(* If $k=2^i-1$ is a prime (with $i\ge2$), then $k\in\mathcal C_i\setminus\mathcal C_{i-1}$.
   Context: For a positive integer $m$, $\mathcal C_m$ is the set of odd positive integers $k$ for which there exist integers $0\le j_1<j_2<\cdots<j_m\le m+k-2$ with $2^{k+m}-1\equiv \sum_{i=1}^m 2^{j_i}\pmod k$. For $i=2$, $\mathcal C_{1}$ is as defined with $m=1$. *)

From mathcomp Require Import all_boot.
Set Implicit Arguments. Unset Strict Implicit. Unset Printing Implicit Defensive.

Definition in_C (m k : nat) : Prop :=
  [/\ odd k, 0 < k &
   exists js : seq nat,
     [/\ sorted ltn js, size js = m, all (fun j => j <= m + k - 2) js &
         2 ^ (k + m) - 1 = \sum_(j <- js) 2 ^ j %[mod k]]].

From mathcomp Require Import all_boot zify.
Set Implicit Arguments. Unset Strict Implicit. Unset Printing Implicit Defensive.

(* Let k = 2^i - 1 be a Mersenne prime, i >= 2.  By Fermat's little theorem
   2^(k + m) = 2^(m + 1) (mod k), so the congruence defining C_m reads
   2^(m+1) - 1 = 2^(j_1) + ... + 2^(j_m) (mod k).

   Membership in C_i: the exponents 1, 2, ..., i - 1, i + 1 sum (as powers of
   two) to (k - 1) + 2 (k + 1) = 3k + 1, which is 2^(i+1) - 1 = 2k + 1 modulo k.

   Non-membership in C_(i-1): the condition would make k divide a sum of
   i - 1 powers of two.  Modulo 2^n - 1 exponents of 2 can be reduced mod n,
   and a nonempty multiset of exponents in [0, n) whose powers of two sum to a
   multiple of 2^n - 1 has at least n elements ([mersenne_multiple_size]):
   merging two equal exponents x, x into x + 1 (mod n) keeps the sum modulo
   2^n - 1 and shortens the multiset, and a set of fewer than n distinct
   exponents sums to a positive number below 2^n - 1. *)

Lemma sum_pow2_iota n : \sum_(r <- iota 0 n) 2 ^ r = (2 ^ n).-1.
Proof.
elim: n => [|n IH]; first by rewrite big_nil.
rewrite -addn1 iotaD big_cat /= IH big_seq1 add0n addn1 expnS.
have : 0 < 2 ^ n by rewrite expn_gt0.
lia.
Qed.

(* Since 2^n = 1 modulo 2^n - 1, exponents of 2 may be reduced modulo n. *)
Lemma expn2_mod_mersenne n j : 2 ^ j = 2 ^ (j %% n) %[mod (2 ^ n).-1].
Proof.
have pow_n_mod : 2 ^ n = 1 %[mod (2 ^ n).-1].
  by rewrite -{1}(prednK (expn_gt0 2 n)) -addn1 modnDl.
rewrite {1}(divn_eq j n) expnD (mulnC (j %/ n)) expnM.
by rewrite -modnMml -modnXm pow_n_mod modnXm exp1n modnMml mul1n.
Qed.

Lemma sum_pow2_mod_mersenne n s :
  \sum_(j <- s) 2 ^ j = \sum_(j <- map (modn^~ n) s) 2 ^ j %[mod (2 ^ n).-1].
Proof.
elim: s => [|x s IH] //=.
by rewrite !big_cons -modnDm (expn2_mod_mersenne n x) IH modnDm.
Qed.

Lemma sum_pow2_gt0 s : s != [::] -> 0 < \sum_(x <- s) 2 ^ x.
Proof. by case: s => // x s _; rewrite big_cons addn_gt0 expn_gt0. Qed.

(* Fewer than n distinct exponents in [0, n) miss some exponent, so their
   powers of two sum to less than 1 + 2 + ... + 2^(n-1). *)
Lemma sum_pow2_uniq_lt n s :
  all (fun x => x < n) s -> uniq s -> size s < n ->
  \sum_(x <- s) 2 ^ x < (2 ^ n).-1.
Proof.
move=> s_lt_n s_uniq small_s.
set c := [seq r <- iota 0 n | r \notin s].
have s_c_perm : perm_eq (s ++ c) (iota 0 n).
  apply: uniq_perm; rewrite ?iota_uniq //.
    rewrite cat_uniq s_uniq filter_uniq ?iota_uniq // andbT.
    by apply/hasPn => r; rewrite mem_filter => /andP[].
  move=> r; rewrite mem_cat mem_filter mem_iota add0n /=.
  by case r_s: (r \in s) => //=; rewrite (allP s_lt_n r r_s).
have c_nonempty : c != [::].
  move: (perm_size s_c_perm); rewrite size_cat size_iota -size_eq0 -lt0n => n_eq.
  by move: small_s; rewrite -n_eq -{1}(addn0 (size s)) ltn_add2l.
have c_sum_pos := sum_pow2_gt0 c_nonempty.
rewrite -sum_pow2_iota -(perm_big _ s_c_perm) big_cat /=.
by rewrite -{1}(addn0 (\sum_(x <- s) _)) ltn_add2l.
Qed.

Lemma not_uniq_perm_dup (T : eqType) (s : seq T) :
  ~~ uniq s -> exists x t, perm_eq s (x :: x :: t).
Proof.
elim: s => [|y s IH] //=; rewrite negb_and negbK.
case: (boolP (y \in s)) => [y_s _ | _ /= /IH [x [t s_perm]]].
  by exists y, (rem y s); rewrite perm_cons perm_to_rem.
exists x, (y :: t).
by rewrite perm_sym -(perm_catCA [:: y] [:: x; x] t) /= perm_cons perm_sym.
Qed.

Lemma mersenne_multiple_size n s :
  all (fun x => x < n) s -> s != [::] ->
  (2 ^ n).-1 %| \sum_(x <- s) 2 ^ x -> n <= size s.
Proof.
have [m size_s] := ubnP (size s); elim: m s size_s => // m IH s size_s.
move=> s_lt_n s_nonempty dvd_sum.
case: (boolP (uniq s)) => [s_uniq | /not_uniq_perm_dup [x [t s_perm]]].
  rewrite leqNgt; apply/negP => /(sum_pow2_uniq_lt s_lt_n s_uniq).
  by rewrite ltnNge (dvdn_leq (sum_pow2_gt0 s_nonempty) dvd_sum).
have x_lt_n : x < n by apply: (allP s_lt_n); rewrite (perm_mem s_perm) inE eqxx.
have n_pos : 0 < n by apply: leq_ltn_trans x_lt_n.
(* Merge the two copies of x into one copy of x + 1, reduced modulo n. *)
set s' := x.+1 %% n :: t.
have size_s' : size s = (size s').+1 by rewrite (perm_size s_perm).
have sum_s : \sum_(y <- s) 2 ^ y = 2 ^ x.+1 + \sum_(y <- t) 2 ^ y.
  by rewrite (perm_big _ s_perm) /= !big_cons addnA addnn -mul2n expnS.
have : n <= size s'.
  apply: IH => //; first by rewrite -ltnS -size_s'.
    apply/allP => y; rewrite inE => /predU1P [-> | y_t]; first exact: ltn_pmod.
    by apply: (allP s_lt_n); rewrite (perm_mem s_perm) !inE y_t !orbT.
  move: dvd_sum; rewrite /dvdn sum_s big_cons => /eqP sum_mod; apply/eqP.
  by rewrite -modnDml -(expn2_mod_mersenne n x.+1) modnDml.
by rewrite size_s'; apply: leqW.
Qed.

Lemma expn2_shift_prime p m : prime p -> 2 ^ (p + m) = 2 ^ m.+1 %[mod p].
Proof. by move=> p_prime; rewrite expnD -modnMml fermat_little // modnMml -expnS. Qed.

Lemma subn1_eqmod d x y : 0 < x -> (x - 1 == y %[mod d]) = (x == y + 1 %[mod d]).
Proof. by move=> x_pos; rewrite -(eqn_modDr 1) subnK. Qed.

Section MersennePrime.

Variable i : nat.
Hypothesis i_ge2 : 2 <= i.
Hypothesis k_prime : prime (2 ^ i).-1.

Let k := (2 ^ i).-1.

Let pow_i : 2 ^ i = k + 1.
Proof. by rewrite addn1 prednK ?expn_gt0. Qed.

Let k_odd : odd k.
Proof. by rewrite /k -subn1 oddB ?expn_gt0 // oddX /= orbF addbT -lt0n ltnW. Qed.

Let i_pos : 0 < i.
Proof. exact: ltnW. Qed.

Lemma mersenne_prime_in_C : in_C i k.
Proof.
split; [exact: k_odd | exact: prime_gt0 |].
have k_ge3 : 3 <= k.
  by rewrite -(leq_add2r 1) -pow_i (leq_trans _ (leq_pexp2l (isT : 0 < 2) i_ge2)).
have sum_low : \sum_(j <- iota 1 i.-1) 2 ^ j + 1 = k.
  by rewrite /k -sum_pow2_iota -{2}(prednK i_pos) /= big_cons addnC.
exists (iota 1 i.-1 ++ [:: i.+1]); split.
- rewrite sorted_pairwise; last exact: ltn_trans.
  rewrite pairwise_cat -sorted_pairwise ?iota_ltn_sorted /= ?andbT; last exact: ltn_trans.
  apply/allrelP => a b; rewrite mem_iota inE => /andP[_ a_lt] /eqP ->.
  by rewrite add1n prednK // in a_lt; apply: ltn_trans a_lt _.
- by rewrite size_cat size_iota /= addn1 prednK.
- rewrite all_cat /= andbT; apply/andP; split; last by lia.
  by apply/allP => a; rewrite mem_iota; lia.
- apply/eqP; rewrite subn1_eqmod ?expn_gt0 // big_cat big_seq1 /=.
  rewrite (expn2_shift_prime _ k_prime) expnS -/k pow_i.
  have -> : \sum_(j <- iota 1 i.-1) 2 ^ j + 2 * (k + 1) + 1 = k + 2 * (k + 1).
    by lia.
  by rewrite modnDl.
Qed.

Lemma mersenne_prime_notin_C_pred : ~ in_C i.-1 k.
Proof.
case=> _ _ [js [_ size_js _ congr_js]].
have k_dvd : k %| \sum_(j <- map (modn^~ i) js) 2 ^ j.
  move/eqP: congr_js; rewrite subn1_eqmod ?expn_gt0 //.
  rewrite (expn2_shift_prime _ k_prime) prednK // -/k pow_i eqn_modDr.
  by rewrite modnn eq_sym /dvdn -(sum_pow2_mod_mersenne i js).
have : i <= i.-1.
  rewrite -size_js -(size_map (modn^~ i)); apply: mersenne_multiple_size k_dvd.
    by apply/allP => y /mapP [x _ ->]; exact: ltn_pmod.
  by rewrite -size_eq0 size_map size_js -lt0n -ltnS prednK.
by rewrite leqNgt ltn_predL i_pos.
Qed.

End MersennePrime.

Theorem mainTheorem8 (i : nat) (hi : 2 <= i) (hp : prime (2 ^ i - 1)) :
  in_C i (2 ^ i - 1) /\ ~ in_C (i - 1) (2 ^ i - 1).
Proof.
rewrite !subn1 in hp *.
split; [exact: mersenne_prime_in_C | exact: mersenne_prime_notin_C_pred].
Qed.
(* Let $0<\alpha\le 5\pi/6$. Let $E^{nr}_\alpha\subseteq E_\alpha$ be the set of edges of $E_\alpha$ that are not redundant. Then for all $u,v\in V$: $u$ and $v$ are connected in $(V,E^{nr}_\alpha)$ if and only if they are connected in $G_R$. More precisely, for every redundant edge $\{u,v\}\in E_\alpha$ there is a path from $u$ to $v$ consisting only of edges in $E^{nr}_\alpha$.
   Context: Let $V$ be a finite set of pairwise distinct points (nodes) in the Euclidean plane, $d$ the Euclidean distance, and $R>0$. Let $G_R=(V,E)$ be the undirected graph with $E=\{\{u,v\}: u\neq v,\ d(u,v)\le R\}$. Fix a finite increasing sequence of radius levels $0<r_1<r_2<\dots<r_k=R$. For $u\in V$ and $1\le i\le k$ let $S_i(u)=\{v\in V\setminus\{u\}: d(u,v)\le r_i\}$. For $0<\alpha<2\pi$, a closed cone of width $\alpha$ with apex $u$ is a set $\{u+t(\cos\varphi,\sin\varphi): t\ge 0,\ \varphi\in[\theta-\alpha/2,\theta+\alpha/2]\}$ for some $\theta$. A finite set $S\subseteq V\setminus\{u\}$ has an $\alpha$-gap (at $u$) if some closed cone of width $\alpha$ with apex $u$ contains no node of $S$ (in particular $\emptyset$ has an $\alpha$-gap). The algorithm CBTC($\alpha$) assigns to each $u$ the index $i_u$ = the least $i\in\{1,\dots,k\}$ such that $S_i(u)$ has no $\alpha$-gap, or $i_u=k$ if there is no such $i$; set $N_\alpha(u)=S_{i_u}(u)$ and $N_\alpha=\{(u,v): v\in N_\alpha(u)\}$. Let $E_\alpha=\{\{u,v\}: (u,v)\in N_\alpha \text{ or } (v,u)\in N_\alpha\}$ (the symmetric closure of $N_\alpha$) and $G_\alpha=(V,E_\alpha)$. Each node $u$ has a distinct integer identifier $\mathrm{ID}_u$. The edge ID of $\{u,v\}$ is the triple $\mathrm{eid}(u,v)=(d(u,v),\max(\mathrm{ID}_u,\mathrm{ID}_v),\min(\mathrm{ID}_u,\mathrm{ID}_v))$, and edge IDs are compared lexicographically. An edge $\{u,v\}\in E_\alpha$ is redundant if, for one of its endpoints, say $u$, there is $w\in V$ with $\{u,w\}\in E_\alpha$, $\angle vuw<\pi/3$, and $\mathrm{eid}(u,v)>\mathrm{eid}(u,w)$. *)

From Stdlib Require Import Reals Lra List ZArith Relations.
Open Scope R_scope.

Definition point : Type := (R * R)%type.

Definition dist (p q : point) : R :=
  sqrt ((fst p - fst q) ^ 2 + (snd p - snd q) ^ 2).

Definition angle (v u w : point) : R :=
  acos (((fst v - fst u) * (fst w - fst u) + (snd v - snd u) * (snd w - snd u))
        / (dist u v * dist u w)).

Definition in_cone (u : point) (theta alpha : R) (p : point) : Prop :=
  exists t phi, 0 <= t /\ theta - alpha / 2 <= phi <= theta + alpha / 2 /\
    p = (fst u + t * cos phi, snd u + t * sin phi).

Definition has_gap (alpha : R) (u : point) (S : point -> Prop) : Prop :=
  exists theta, forall p, S p -> ~ in_cone u theta alpha p.

Section CBTC.
Variables (V : list point) (r : nat -> R) (k : nat) (alpha : R).

Definition Sball (i : nat) (u : point) (v : point) : Prop :=
  In v V /\ v <> u /\ dist u v <= r i.

Definition is_iu (u : point) (i : nat) : Prop :=
  (1 <= i <= k)%nat /\
  ((~ has_gap alpha u (Sball i u) /\
    forall j, (1 <= j < i)%nat -> has_gap alpha u (Sball j u))
   \/ (i = k /\ forall j, (1 <= j <= k)%nat -> has_gap alpha u (Sball j u))).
• • • • •
BRIEF: Scan the material above for lines holding the string "mathcal" and copy those lines.

SOLUTION TO THIS EXERCISE:
(* If $k=2^i-1$ is a prime (with $i\ge2$), then $k\in\mathcal C_i\setminus\mathcal C_{i-1}$.
   Context: For a positive integer $m$, $\mathcal C_m$ is the set of odd positive integers $k$ for which there exist integers $0\le j_1<j_2<\cdots<j_m\le m+k-2$ with $2^{k+m}-1\equiv \sum_{i=1}^m 2^{j_i}\pmod k$. For $i=2$, $\mathcal C_{1}$ is as defined with $m=1$. *)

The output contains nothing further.